After a day spent searching an entirely new area, the aircraft had covered 256,000 square km, said an AMSA statement.

Photographs of the objects would be assessed overnight.

The objects cannot be verified or discounted as being from MH370 until they were relocated and recovered by ships.

A Royal New Zealand Air Force (RNZAF) P3 Orion reported sighting a number of objects white or light in color and a fishing buoy.

A Royal Australian Air Force (RAAF) P3 Orion relocated the objects detected by the RNZAF Orion and reported it had seen two blue-grey rectangular objects floating in the ocean.

A second RAAF P3 Orion spotted various objects of various colors in a separate part of the search area about 546 km away.

AMSA had tasked Chinese Maritime Administration patrol ship, Haixun 01, which was in the search area and would be in a position to relocate the objects on Saturday.

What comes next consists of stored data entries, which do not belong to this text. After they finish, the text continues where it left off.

(* Let $A$ be a two-dimensional evolution algebra over a field $\mathbb{K}$ with $A^2=A$. Then: (i) if $\mathfrak{S}(A)=\mathfrak{D}_1$, there is a natural basis with structure matrix $\begin{pmatrix}1&0\\0&1\end{pmatrix}$ (the algebra $A_1$); (ii) if $\mathfrak{S}(A)=\mathfrak{D}_2$, there is a natural basis with structure matrix $\begin{pmatrix}0&\alpha\\1&0\end{pmatrix}$ for some $\alpha\in\mathbb{K}^\times$ (the algebra $A_{2,\alpha}$); (iii) if $\mathfrak{S}(A)=\mathfrak{D}_3$, there is a natural basis with structure matrix $\begin{pmatrix}1&\alpha\\0&1\end{pmatrix}$ for some $\alpha\in\mathbb{K}^\times$ (the algebra $A_{3,\alpha}$); (iv) if $\mathfrak{S}(A)=\mathfrak{D}_4$, there is a natural basis with structure matrix $\begin{pmatrix}0&1\\\alpha&1\end{pmatrix}$ for some $\alpha\in\mathbb{K}^\times$ (the algebra $A_{4,\alpha}$); (v) if $\mathfrak{S}(A)=\mathfrak{D}_5$, there is a natural basis with structure matrix $\begin{pmatrix}1&\alpha\\\beta&1\end{pmatrix}$ for some $\alpha,\beta\in\mathbb{K}^\times$ with $\alpha\beta\neq1$ (the algebra $A_{5,\alpha,\beta}$).
   Context: An evolution algebra over $\mathbb{K}$ is a $\mathbb{K}$-algebra with a basis $\{e_i\}$ (natural basis) such that $e_ie_j=0$ for $i\neq j$. For a natural basis $B=\{e_1,e_2\}$ the structure matrix is $M_B=(\omega_{ij})$ where $e_j^2=\omega_{1j}e_1+\omega_{2j}e_2$. The pseudo-square relative to $B$ is $E_B\subseteq\{L,T,R,D\}$ with $L\in E_B$ iff $\omega_{11}\neq0$, $T\in E_B$ iff $\omega_{12}\neq0$, $R\in E_B$ iff $\omega_{22}\neq0$, $D\in E_B$ iff $\omega_{21}\neq0$; the square $\mathfrak{S}(A)$ is the set of all $E_B$ over all natural bases $B$. $\mathfrak{D}_1=\{\{L,R\}\}$, $\mathfrak{D}_2=\{\{T,D\}\}$, $\mathfrak{D}_3=\{\{L,T,R\},\{L,R,D\}\}$, $\mathfrak{D}_4=\{\{L,T,D\},\{T,R,D\}\}$, $\mathfrak{D}_5=\{\{L,T,R,D\}\}$. *)

From HB Require Import structures.
From mathcomp Require Import all_boot all_order all_algebra.
Set Implicit Arguments.
Unset Strict Implicit.
Unset Printing Implicit Defensive.
Import GRing.Theory.
Local Open Scope ring_scope.

(* Letters for pseudo-squares: L (w11), T (w12), R (w22), D (w21). *)
Inductive letter := L | T | R | D.

Definition letter_code (x : letter) : 'I_4 :=
  match x with L => inord 0 | T => inord 1 | R => inord 2 | D => inord 3 end.
Definition letter_decode (i : 'I_4) : letter :=
  match val i with 0%N => L | 1%N => T | 2%N => R | _ => D end.
Lemma letter_codeK : cancel letter_code letter_decode.
Proof. by case; rewrite /letter_decode /= inordK. Qed.
HB.instance Definition _ := Finite.copy letter (can_type letter_codeK).

Section EvolutionAlgebras.
Variables (K : fieldType) (V : vectType K) (mul : V -> V -> V).

Definition bilinear_mul : Prop :=
  (forall (a : K) (x y z : V), mul (a *: x + y) z = a *: mul x z + mul y z) /\
  (forall (a : K) (x y z : V), mul z (a *: x + y) = a *: mul z x + mul z y).

Definition natural_basis (e1 e2 : V) : Prop :=
  basis_of fullv [:: e1; e2] /\ mul e1 e2 = 0 /\ mul e2 e1 = 0.

Definition evolution_algebra : Prop := exists e1 e2, natural_basis e1 e2.

Definition square_full : Prop :=
  forall z : V, exists s : seq (V * V), z = \sum_(p <- s) mul p.1 p.2.

(* the structure matrix of (e1,e2) is [[w11, w12]; [w21, w22]],
   i.e. e_j^2 = w1j e1 + w2j e2 *)
Definition struct_mx (e1 e2 : V) (w11 w12 w21 w22 : K) : Prop :=
  mul e1 e1 = w11 *: e1 + w21 *: e2 /\ mul e2 e2 = w12 *: e1 + w22 *: e2.

Definition pseudo_square (w11 w12 w21 w22 : K) : {set letter} :=
  [set x | match x with
           | L => w11 != 0 | T => w12 != 0 | R => w22 != 0 | D => w21 != 0 end].

Definition in_square (E : {set letter}) : Prop :=
  exists e1 e2 w11 w12 w21 w22, natural_basis e1 e2 /\
    struct_mx e1 e2 w11 w12 w21 w22 /\ E = pseudo_square w11 w12 w21 w22.

Definition square_is (F : {set {set letter}}) : Prop :=
  forall E, in_square E <-> E \in F.

End EvolutionAlgebras.

Definition D1 : {set {set letter}} := [set [set L; R]].
Definition D2 : {set {set letter}} := [set [set T; D]].
Definition D3 : {set {set letter}} := [set [set L; T; R]; [set L; R; D]].
Definition D4 : {set {set letter}} := [set [set L; T; D]; [set T; R; D]].
Definition D5 : {set {set letter}} := [set [set L; T; R; D]].

From HB Require Import structures.
From mathcomp Require Import all_boot all_order all_algebra.
From mathcomp Require Import ring.
Set Implicit Arguments.
Unset Strict Implicit.
Import GRing.Theory.
Local Open Scope ring_scope.

(* Rescaling a natural basis (e1, e2) to (c e1, d e2) keeps it natural and
   changes the structure matrix by w11 -> c w11, w12 -> d^2 w12 / c,
   w21 -> c^2 w21 / d, w22 -> d w22, while swapping e1 and e2 flips the matrix
   along both diagonals. The pseudo-square of one natural basis fixes which
   entries vanish, and suitable c, d then normalize the nonzero ones. In the
   case D5 the relation a b <> 1 is the determinant of the structure matrix,
   which cannot vanish: otherwise e2^2 would be a multiple of e1^2 and every
   product would lie on the line spanned by e1^2, contradicting A^2 = A. *)

Lemma letter_eqE (x y : letter) : (x == y) =
  match x, y with L, L | T, T | R, R | D, D => true | _, _ => false end.
Proof. by case: x; case: y; rewrite ?eqxx //; apply/eqP. Qed.

Lemma pseudo_square_eqP (K : fieldType) (w11 w12 w21 w22 : K) E :
  pseudo_square w11 w12 w21 w22 = E ->
  [/\ (w11 != 0) = (L \in E), (w12 != 0) = (T \in E),
      (w21 != 0) = (D \in E) & (w22 != 0) = (R \in E)].
Proof. by move=> <-; rewrite !inE. Qed.

Section BasisOfTwo.
Variables (K : fieldType) (V : vectType K).

Lemma basis_coords (U : {vspace V}) (e1 e2 x : V) :
  basis_of U [:: e1; e2] -> x \in U -> exists a b, x = a *: e1 + b *: e2.
Proof.
move=> /span_basis <-; rewrite span_cons span_seq1.
by case/memv_addP=> _ /vlineP [a ->] [_ /vlineP [b ->] ->]; exists a, b.
Qed.

Lemma basis_ofZ (U : {vspace V}) (e1 e2 : V) (c d : K) : c != 0 -> d != 0 ->
  basis_of U [:: e1; e2] -> basis_of U [:: c *: e1; d *: e2].
Proof.
move=> c0 d0; rewrite !basisEdim => /andP [sUe ->]; rewrite andbT.
apply: subv_trans sUe _; apply/span_subvP => x; rewrite !inE => /orP [] /eqP ->.
  by rewrite -{1}(scalerK c0 e1) memvZ // memv_span // !inE eqxx.
by rewrite -{1}(scalerK d0 e2) memvZ // memv_span // !inE eqxx orbT.
Qed.

End BasisOfTwo.

Section NaturalBases.
Variables (K : fieldType) (V : vectType K) (mul : V -> V -> V).
Hypothesis mul_bilinear : bilinear_mul mul.

Lemma bmulDl x y z : mul (x + y) z = mul x z + mul y z.
Proof. by case: mul_bilinear => linl _; have := linl 1 x y z; rewrite !scale1r. Qed.

Lemma bmulDr x y z : mul z (x + y) = mul z x + mul z y.
Proof. by case: mul_bilinear => _ linr; have := linr 1 x y z; rewrite !scale1r. Qed.

Lemma bmul0l z : mul 0 z = 0.
Proof. by apply: (addrI (mul 0 z)); rewrite -bmulDl !addr0. Qed.

Lemma bmul0r z : mul z 0 = 0.
Proof. by apply: (addrI (mul z 0)); rewrite -bmulDr !addr0. Qed.

Lemma bmulZl a x z : mul (a *: x) z = a *: mul x z.
Proof. by case: mul_bilinear => linl _; have := linl a x 0 z; rewrite addr0 bmul0l addr0. Qed.

Lemma bmulZr a x z : mul z (a *: x) = a *: mul z x.
Proof. by case: mul_bilinear => _ linr; have := linr a x 0 z; rewrite addr0 bmul0r addr0. Qed.

Lemma natural_basis_struct (e1 e2 : V) : natural_basis mul e1 e2 ->
  exists w11 w12 w21 w22, struct_mx mul e1 e2 w11 w12 w21 w22.
Proof.
case=> Be _; have [w11 [w21 E1]] := basis_coords Be (memvf (mul e1 e1)).
by have [w12 [w22 E2]] := basis_coords Be (memvf (mul e2 e2)); exists w11, w12, w21, w22.
Qed.

Lemma natural_basisZ (e1 e2 : V) (c d : K) : c != 0 -> d != 0 ->
  natural_basis mul e1 e2 -> natural_basis mul (c *: e1) (d *: e2).
Proof.
move=> c0 d0 [Be [m12 m21]]; split; first exact: basis_ofZ.
by rewrite !bmulZl !bmulZr m12 m21 !scaler0.
Qed.

Lemma natural_basis_swap (e1 e2 : V) :
  natural_basis mul e1 e2 -> natural_basis mul e2 e1.
Proof.
case=> Be [m12 m21]; split=> //.
by rewrite (perm_basis _ (permEl (perm_catC [:: e2] [:: e1]))).
Qed.

Lemma struct_mxZ (e1 e2 : V) (c d w11 w12 w21 w22 : K) : c != 0 -> d != 0 ->
  struct_mx mul e1 e2 w11 w12 w21 w22 ->
  struct_mx mul (c *: e1) (d *: e2)
    (c * w11) (d ^+ 2 * w12 / c) (c ^+ 2 * w21 / d) (d * w22).
Proof.
move=> c0 d0 [E1 E2]; split; rewrite !bmulZl !bmulZr ?E1 ?E2 !scalerDr !scalerA;
  by congr (_ *: _ + _ *: _); field.
Qed.

Lemma struct_mx_swap (e1 e2 : V) (w11 w12 w21 w22 : K) :
  struct_mx mul e1 e2 w11 w12 w21 w22 -> struct_mx mul e2 e1 w22 w21 w12 w11.
Proof. by case=> E1 E2; split; rewrite addrC. Qed.

Lemma natural_mul_in_squares (e1 e2 x y : V) : natural_basis mul e1 e2 ->
  mul x y \in (<[mul e1 e1]> + <[mul e2 e2]>)%VS.
Proof.
case=> Be [m12 m21].
have [a [b ->]] := basis_coords Be (memvf x).
have [c [d ->]] := basis_coords Be (memvf y).
rewrite !bmulDl !bmulDr !bmulZl !bmulZr m12 m21 !scaler0 addr0 add0r.
by rewrite memv_add ?memvZ ?memv_line.
Qed.

Lemma square_full_squares_span (e1 e2 : V) : square_full mul ->
  natural_basis mul e1 e2 -> (<[mul e1 e1]> + <[mul e2 e2]>)%VS = fullv.
Proof.
move=> A2 nb; apply/eqP; rewrite eqEsubv subvf /=; apply/subvP => z _.
by have [s ->] := A2 z; apply: memv_suml => p _; apply: natural_mul_in_squares.
Qed.

Definition natural_struct (w11 w12 w21 w22 : K) : Prop :=
  exists e1 e2, natural_basis mul e1 e2 /\ struct_mx mul e1 e2 w11 w12 w21 w22.

Lemma natural_structZ (c d w11 w12 w21 w22 v11 v12 v21 v22 : K) :
  c != 0 -> d != 0 -> natural_struct w11 w12 w21 w22 ->
  v11 = c * w11 -> v12 = d ^+ 2 * w12 / c -> v21 = c ^+ 2 * w21 / d ->
  v22 = d * w22 -> natural_struct v11 v12 v21 v22.
Proof.
move=> c0 d0 [e1 [e2 [nb sm]]] -> -> -> ->.
by exists (c *: e1), (d *: e2); split; [apply: natural_basisZ | apply: struct_mxZ].
Qed.

Lemma natural_struct_swap (w11 w12 w21 w22 : K) :
  natural_struct w11 w12 w21 w22 -> natural_struct w22 w21 w12 w11.
Proof.
case=> e1 [e2 [nb sm]]; exists e2, e1.
by split; [apply: natural_basis_swap | apply: struct_mx_swap].
Qed.

Lemma natural_struct_det_neq0 (w11 w12 w21 w22 : K) : square_full mul ->
  natural_struct w11 w12 w21 w22 -> w11 != 0 -> w11 * w22 != w12 * w21.
Proof.
move=> A2 [e1 [e2 [nb [E1 E2]]]] n11; apply/eqP => det.
have E2E1 : mul e2 e2 = (w12 / w11) *: mul e1 e1.
  rewrite E1 E2 scalerDr !scalerA; congr (_ *: _ + _ *: _); first by field.
  by rewrite mulrAC -det mulrAC divff // mul1r.
have : (fullv <= <[mul e1 e1]>)%VS.
  rewrite -(square_full_squares_span A2 nb) subv_add subvv /= E2E1.
  by rewrite -memvE memvZ // memv_line.
move/dimvS; rewrite dim_vline (size_basis (X := [tuple e1; e2]) nb.1).
by case: (_ != 0).
Qed.

Lemma natural_struct_unit_diag (w11 w12 w21 w22 : K) : w11 != 0 -> w22 != 0 ->
  natural_struct w11 w12 w21 w22 ->
  natural_struct 1 (w11 * w12 / w22 ^+ 2) (w22 * w21 / w11 ^+ 2) 1.
Proof.
move=> n11 n22 /(natural_structZ (c := w11^-1) (d := w22^-1)).
by apply; rewrite ?invr_eq0 //; field; rewrite ?n11 ?n22 ?oner_neq0.
Qed.

Lemma natural_struct_zero_diag (w12 w21 : K) : w21 != 0 ->
  natural_struct 0 w12 w21 0 -> natural_struct 0 (w21 ^+ 2 * w12) 1 0.
Proof.
move=> n21 /(natural_structZ (c := 1) (d := w21)).
by apply; rewrite ?oner_eq0 //; field; rewrite ?n21 ?oner_neq0.
Qed.

Lemma natural_struct_zero_w11 (w12 w21 w22 : K) : w12 != 0 -> w22 != 0 ->
  natural_struct 0 w12 w21 w22 ->
  natural_struct 0 1 (w12 ^+ 2 * w21 / w22 ^+ 3) 1.
Proof.
move=> n12 n22 /(natural_structZ (c := w12 / w22 ^+ 2) (d := w22^-1)).
by apply; rewrite ?mulf_neq0 ?invr_eq0 ?expf_neq0 //; field;
  rewrite ?n12 ?n22 ?oner_neq0.
Qed.

Lemma natural_struct_D1 (w11 w12 w21 w22 : K) :
  pseudo_square w11 w12 w21 w22 \in D1 -> natural_struct w11 w12 w21 w22 ->
  natural_struct 1 0 0 1.
Proof.
rewrite inE => /eqP /pseudo_square_eqP; rewrite !inE !letter_eqE /=.
case=> n11 /negbFE/eqP-> /negbFE/eqP-> n22 /(natural_struct_unit_diag n11 n22).
by rewrite !(mulr0, mul0r).
Qed.

Lemma natural_struct_D2 (w11 w12 w21 w22 : K) :
  pseudo_square w11 w12 w21 w22 \in D2 -> natural_struct w11 w12 w21 w22 ->
  exists2 a, a != 0 & natural_struct 0 a 1 0.
Proof.
rewrite inE => /eqP /pseudo_square_eqP; rewrite !inE !letter_eqE /=.
case=> /negbFE/eqP-> n12 n21 /negbFE/eqP-> /(natural_struct_zero_diag n21).
by exists (w21 ^+ 2 * w12); rewrite ?mulf_neq0 ?expf_neq0.
Qed.

Lemma natural_struct_D3 (w11 w12 w21 w22 : K) :
  pseudo_square w11 w12 w21 w22 \in D3 -> natural_struct w11 w12 w21 w22 ->
  exists2 a, a != 0 & natural_struct 1 a 0 1.
Proof.
rewrite !inE => /orP [] /eqP /pseudo_square_eqP; rewrite !inE !letter_eqE /=.
  case=> n11 n12 /negbFE/eqP-> n22 /(natural_struct_unit_diag n11 n22).
  rewrite mulr0 mul0r => ?; exists (w11 * w12 / w22 ^+ 2) => //.
  by rewrite ?mulf_neq0 ?invr_eq0 ?expf_neq0.
case=> n11 /negbFE/eqP-> n21 n22.
move=> /natural_struct_swap /(natural_struct_unit_diag n22 n11).
rewrite mulr0 mul0r => ?; exists (w22 * w21 / w11 ^+ 2) => //.
by rewrite ?mulf_neq0 ?invr_eq0 ?expf_neq0.
Qed.

Lemma natural_struct_D4 (w11 w12 w21 w22 : K) :
  pseudo_square w11 w12 w21 w22 \in D4 -> natural_struct w11 w12 w21 w22 ->
  exists2 a, a != 0 & natural_struct 0 1 a 1.
Proof.
rewrite !inE => /orP [] /eqP /pseudo_square_eqP; rewrite !inE !letter_eqE /=.
  case=> n11 n12 n21 /negbFE/eqP->.
  move=> /natural_struct_swap /(natural_struct_zero_w11 n21 n11).
  by exists (w21 ^+ 2 * w12 / w11 ^+ 3); rewrite ?mulf_neq0 ?invr_eq0 ?expf_neq0.
case=> /negbFE/eqP-> n12 n21 n22 /(natural_struct_zero_w11 n12 n22).
by exists (w12 ^+ 2 * w21 / w22 ^+ 3); rewrite ?mulf_neq0 ?invr_eq0 ?expf_neq0.
Qed.

Lemma natural_struct_D5 (w11 w12 w21 w22 : K) : square_full mul ->
  pseudo_square w11 w12 w21 w22 \in D5 -> natural_struct w11 w12 w21 w22 ->
  exists a b, [/\ a != 0, b != 0, a * b != 1 & natural_struct 1 a b 1].
Proof.
move=> A2; rewrite inE => /eqP /pseudo_square_eqP; rewrite !inE !letter_eqE /=.
case=> n11 n12 n21 n22 Aw; have det := natural_struct_det_neq0 A2 Aw n11.
exists (w11 * w12 / w22 ^+ 2), (w22 * w21 / w11 ^+ 2).
split; rewrite ?mulf_neq0 ?invr_eq0 ?expf_neq0 //.
  apply: contraNneq det => ab1; apply/eqP.
  by rewrite -[LHS]mulr1 -ab1; field; rewrite n11 n22.
exact: natural_struct_unit_diag.
Qed.

End NaturalBases.

Theorem lemma3p1 (K : fieldType) (V : vectType K) (mul : V -> V -> V) :
  \dim (fullv : {vspace V}) = 2%N ->
  bilinear_mul mul ->
  evolution_algebra mul ->
  square_full mul ->
  (square_is mul D1 ->
     exists e1 e2, natural_basis mul e1 e2 /\ struct_mx mul e1 e2 1 0 0 1) /\
  (square_is mul D2 ->
     exists e1 e2 (a : K), a != 0 /\
       natural_basis mul e1 e2 /\ struct_mx mul e1 e2 0 a 1 0) /\
  (square_is mul D3 ->
     exists e1 e2 (a : K), a != 0 /\
       natural_basis mul e1 e2 /\ struct_mx mul e1 e2 1 a 0 1) /\
  (square_is mul D4 ->
     exists e1 e2 (a : K), a != 0 /\
       natural_basis mul e1 e2 /\ struct_mx mul e1 e2 0 1 a 1) /\
  (square_is mul D5 ->
     exists e1 e2 (a b : K), a != 0 /\ b != 0 /\ a * b != 1 /\
       natural_basis mul e1 e2 /\ struct_mx mul e1 e2 1 a b 1).
Proof.
move=> _ mulb [e1 [e2 nb]] A2.
have [w11 [w12 [w21 [w22 sm]]]] := natural_basis_struct nb.
have Aw : natural_struct mul w11 w12 w21 w22 by exists e1, e2.
have inS F : square_is mul F -> pseudo_square w11 w12 w21 w22 \in F.
  move/(_ (pseudo_square w11 w12 w21 w22)) => [+ _]; apply.
  by exists e1, e2, w11, w12, w21, w22.
split; first by move/inS/(natural_struct_D1 mulb)/(_ Aw).
split.
  by move/inS/(natural_struct_D2 mulb)/(_ Aw) => [a a0 [f1 [f2 ?]]]; exists f1, f2, a.
split.
  by move/inS/(natural_struct_D3 mulb)/(_ Aw) => [a a0 [f1 [f2 ?]]]; exists f1, f2, a.
split.
  by move/inS/(natural_struct_D4 mulb)/(_ Aw) => [a a0 [f1 [f2 ?]]]; exists f1, f2, a.
move/inS/(natural_struct_D5 mulb A2)/(_ Aw) => [a [b [a0 b0 ab1 [f1 [f2 ?]]]]].
by exists f1, f2, a, b.
Qed.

Weather conditions in the area were expected to be reasonable for searching on Saturday.

The search area was shifted about 1,100 km northeast Friday on what was said to be a credible new lead.

The new search area, about 319,000 square km, is about four times bigger than the previous search area in the southern Indian Ocean and 1,100 km to the northeast.

It was also just 1,850 km due west of Perth, meaning it was in more moderate seas and closer to the search base so aircraft could spend longer over the area, AMSA and Australian Transport Safety Bureau (ATSB) officials said at a joint press conference in Canberra earlier Friday.

AMSA emergency response general manage John Young said an international air crash investigation team in Malaysia had provided updated advice that had refined the presumed flight path and determined the new area.

Ten aircraft had been tasked for Friday's search: two Royal Australian Air Force (RAAF) P3 Orions, a Japanese Coast Guard Gulfstream 5 jet, a Japanese P3 Orion, a P3 Orion and a C130 Hercules from the Republic of Korea, a New Zealand air force P3 Orion, a Chinese People's Liberation Army Air Force Ilyushin IL-76, a United States Navy P8 Poseidon aircraft and one Australian civil jet acting as a communications relay.

Six ships were relocating to the new search area including HMAS Success and five Chinese ships.